- **REQUIRED ACTION**: Retype the entire listing, keeping every word as it is.
=====
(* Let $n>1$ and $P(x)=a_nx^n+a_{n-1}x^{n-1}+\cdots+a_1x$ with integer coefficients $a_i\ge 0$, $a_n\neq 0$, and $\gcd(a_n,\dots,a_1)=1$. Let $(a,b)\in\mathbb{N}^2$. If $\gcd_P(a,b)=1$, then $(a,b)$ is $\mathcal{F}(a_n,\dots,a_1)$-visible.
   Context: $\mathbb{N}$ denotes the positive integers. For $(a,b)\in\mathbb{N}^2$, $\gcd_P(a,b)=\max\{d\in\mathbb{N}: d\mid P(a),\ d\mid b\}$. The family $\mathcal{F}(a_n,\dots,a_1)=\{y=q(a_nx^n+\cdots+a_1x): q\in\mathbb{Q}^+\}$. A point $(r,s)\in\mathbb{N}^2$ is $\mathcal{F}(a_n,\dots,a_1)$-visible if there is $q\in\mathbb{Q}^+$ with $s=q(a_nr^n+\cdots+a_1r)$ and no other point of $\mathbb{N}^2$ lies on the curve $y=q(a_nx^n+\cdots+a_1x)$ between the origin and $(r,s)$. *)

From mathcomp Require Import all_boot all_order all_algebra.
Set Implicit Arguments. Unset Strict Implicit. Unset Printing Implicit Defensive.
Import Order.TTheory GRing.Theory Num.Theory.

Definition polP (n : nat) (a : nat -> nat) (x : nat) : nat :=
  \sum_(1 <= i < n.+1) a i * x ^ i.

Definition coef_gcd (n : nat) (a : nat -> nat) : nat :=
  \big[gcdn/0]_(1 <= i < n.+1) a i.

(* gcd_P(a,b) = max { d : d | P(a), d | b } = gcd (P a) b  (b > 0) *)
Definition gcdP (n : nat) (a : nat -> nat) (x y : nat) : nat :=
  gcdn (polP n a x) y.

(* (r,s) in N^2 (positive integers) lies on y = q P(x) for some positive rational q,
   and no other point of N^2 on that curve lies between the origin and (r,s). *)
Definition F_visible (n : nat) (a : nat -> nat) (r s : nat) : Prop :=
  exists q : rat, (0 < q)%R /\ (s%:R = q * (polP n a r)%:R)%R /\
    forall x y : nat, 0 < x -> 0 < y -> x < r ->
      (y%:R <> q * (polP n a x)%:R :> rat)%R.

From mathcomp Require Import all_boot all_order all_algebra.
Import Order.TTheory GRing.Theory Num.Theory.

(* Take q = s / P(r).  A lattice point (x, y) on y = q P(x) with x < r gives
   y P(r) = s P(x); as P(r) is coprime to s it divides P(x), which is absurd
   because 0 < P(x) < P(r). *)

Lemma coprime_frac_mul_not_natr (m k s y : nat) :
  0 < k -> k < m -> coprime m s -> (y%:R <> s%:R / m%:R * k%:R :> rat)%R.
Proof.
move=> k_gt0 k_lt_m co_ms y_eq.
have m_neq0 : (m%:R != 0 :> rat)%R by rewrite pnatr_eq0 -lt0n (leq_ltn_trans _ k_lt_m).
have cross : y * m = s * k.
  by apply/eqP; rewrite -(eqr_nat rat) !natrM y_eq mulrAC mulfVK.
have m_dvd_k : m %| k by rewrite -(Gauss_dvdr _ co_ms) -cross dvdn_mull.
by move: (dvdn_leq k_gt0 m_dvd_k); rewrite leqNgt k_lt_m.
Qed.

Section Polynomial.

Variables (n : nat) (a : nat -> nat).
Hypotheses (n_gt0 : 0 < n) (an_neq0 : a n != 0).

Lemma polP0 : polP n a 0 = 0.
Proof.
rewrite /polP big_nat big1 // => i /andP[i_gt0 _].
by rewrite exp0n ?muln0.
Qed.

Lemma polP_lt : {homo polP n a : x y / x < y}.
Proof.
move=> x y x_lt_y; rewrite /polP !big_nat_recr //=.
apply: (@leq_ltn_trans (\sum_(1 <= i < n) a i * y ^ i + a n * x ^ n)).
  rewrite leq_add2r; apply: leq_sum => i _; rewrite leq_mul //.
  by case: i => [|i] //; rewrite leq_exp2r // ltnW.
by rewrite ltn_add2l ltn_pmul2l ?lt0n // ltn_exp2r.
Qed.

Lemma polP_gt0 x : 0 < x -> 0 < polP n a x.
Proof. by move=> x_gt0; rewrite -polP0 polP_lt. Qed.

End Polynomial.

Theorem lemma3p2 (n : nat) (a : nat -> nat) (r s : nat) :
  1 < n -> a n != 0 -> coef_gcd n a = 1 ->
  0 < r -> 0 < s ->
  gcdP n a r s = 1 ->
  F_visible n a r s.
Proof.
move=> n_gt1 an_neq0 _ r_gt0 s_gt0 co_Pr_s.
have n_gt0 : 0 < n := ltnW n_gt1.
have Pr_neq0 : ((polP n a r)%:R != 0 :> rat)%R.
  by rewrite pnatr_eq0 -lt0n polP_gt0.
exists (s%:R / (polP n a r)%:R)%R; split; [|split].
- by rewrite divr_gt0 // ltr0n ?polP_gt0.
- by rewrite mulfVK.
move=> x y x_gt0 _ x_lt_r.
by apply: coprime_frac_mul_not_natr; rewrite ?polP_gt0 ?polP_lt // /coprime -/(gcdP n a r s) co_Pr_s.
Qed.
=====
- **REPLY TO THE EXERCISE**:
(* Let $n>1$ and $P(x)=a_nx^n+a_{n-1}x^{n-1}+\cdots+a_1x$ with integer coefficients $a_i\ge 0$, $a_n\neq 0$, and $\gcd(a_n,\dots,a_1)=1$. Let $(a,b)\in\mathbb{N}^2$. If $\gcd_P(a,b)=1$, then $(a,b)$ is $\mathcal{F}(a_n,\dots,a_1)$-visible.
   Context: $\mathbb{N}$ denotes the positive integers. For $(a,b)\in\mathbb{N}^2$, $\gcd_P(a,b)=\max\{d\in\mathbb{N}: d\mid P(a),\ d\mid b\}$. The family $\mathcal{F}(a_n,\dots,a_1)=\{y=q(a_nx^n+\cdots+a_1x): q\in\mathbb{Q}^+\}$. A point $(r,s)\in\mathbb{N}^2$ is $\mathcal{F}(a_n,\dots,a_1)$-visible if there is $q\in\mathbb{Q}^+$ with $s=q(a_nr^n+\cdots+a_1r)$ and no other point of $\mathbb{N}^2$ lies on the curve $y=q(a_nx^n+\cdots+a_1x)$ between the origin and $(r,s)$. *)

From mathcomp Require Import all_boot all_order all_algebra.
Set Implicit Arguments. Unset Strict Implicit. Unset Printing Implicit Defensive.
Import Order.TTheory GRing.Theory Num.Theory.

Definition polP (n : nat) (a : nat -> nat) (x : nat) : nat :=
  \sum_(1 <= i < n.+1) a i * x ^ i.

Definition coef_gcd (n : nat) (a : nat -> nat) : nat :=
  \big[gcdn/0]_(1 <= i < n.+1) a i.

(* gcd_P(a,b) = max { d : d | P(a), d | b } = gcd (P a) b  (b > 0) *)
Definition gcdP (n : nat) (a : nat -> nat) (x y : nat) : nat :=
  gcdn (polP n a x) y.

(* (r,s) in N^2 (positive integers) lies on y = q P(x) for some positive rational q,
   and no other point of N^2 on that curve lies between the origin and (r,s). *)
Definition F_visible (n : nat) (a : nat -> nat) (r s : nat) : Prop :=
  exists q : rat, (0 < q)%R /\ (s%:R = q * (polP n a r)%:R)%R /\
    forall x y : nat, 0 < x -> 0 < y -> x < r ->
      (y%:R <> q * (polP n a x)%:R :> rat)%R.

From mathcomp Require Import all_boot all_order all_algebra.
Import Order.TTheory GRing.Theory Num.Theory.

(* Take q = s / P(r).  A lattice point (x, y) on y = q P(x) with x < r gives
   y P(r) = s P(x); as P(r) is coprime to s it divides P(x), which is absurd
   because 0 < P(x) < P(r). *)

Lemma coprime_frac_mul_not_natr (m k s y : nat) :
  0 < k -> k < m -> coprime m s -> (y%:R <> s%:R / m%:R * k%:R :> rat)%R.
Proof.
move=> k_gt0 k_lt_m co_ms y_eq.
have m_neq0 : (m%:R != 0 :> rat)%R by rewrite pnatr_eq0 -lt0n (leq_ltn_trans _ k_lt_m).
have cross : y * m = s * k.
  by apply/eqP; rewrite -(eqr_nat rat) !natrM y_eq mulrAC mulfVK.
have m_dvd_k : m %| k by rewrite -(Gauss_dvdr _ co_ms) -cross dvdn_mull.
by move: (dvdn_leq k_gt0 m_dvd_k); rewrite leqNgt k_lt_m.
Qed.

Section Polynomial.

Variables (n : nat) (a : nat -> nat).
Hypotheses (n_gt0 : 0 < n) (an_neq0 : a n != 0).

Lemma polP0 : polP n a 0 = 0.
Proof.
rewrite /polP big_nat big1 // => i /andP[i_gt0 _].
by rewrite exp0n ?muln0.
Qed.

Lemma polP_lt : {homo polP n a : x y / x < y}.
Proof.
move=> x y x_lt_y; rewrite /polP !big_nat_recr //=.
apply: (@leq_ltn_trans (\sum_(1 <= i < n) a i * y ^ i + a n * x ^ n)).
  rewrite leq_add2r; apply: leq_sum => i _; rewrite leq_mul //.
  by case: i => [|i] //; rewrite leq_exp2r // ltnW.
by rewrite ltn_add2l ltn_pmul2l ?lt0n // ltn_exp2r.
Qed.

Lemma polP_gt0 x : 0 < x -> 0 < polP n a x.
Proof. by move=> x_gt0; rewrite -polP0 polP_lt. Qed.

End Polynomial.

Theorem lemma3p2 (n : nat) (a : nat -> nat) (r s : nat) :
  1 < n -> a n != 0 -> coef_gcd n a = 1 ->
  0 < r -> 0 < s ->
  gcdP n a r s = 1 ->
  F_visible n a r s.
Proof.
move=> n_gt1 an_neq0 _ r_gt0 s_gt0 co_Pr_s.
have n_gt0 : 0 < n := ltnW n_gt1.
have Pr_neq0 : ((polP n a r)%:R != 0 :> rat)%R.
  by rewrite pnatr_eq0 -lt0n polP_gt0.
exists (s%:R / (polP n a r)%:R)%R; split; [|split].
- by rewrite divr_gt0 // ltr0n ?polP_gt0.
- by rewrite mulfVK.
move=> x y x_gt0 _ x_lt_r.
by apply: coprime_frac_mul_not_natr; rewrite ?polP_gt0 ?polP_lt // /coprime -/(gcdP n a r s) co_Pr_s.
Qed.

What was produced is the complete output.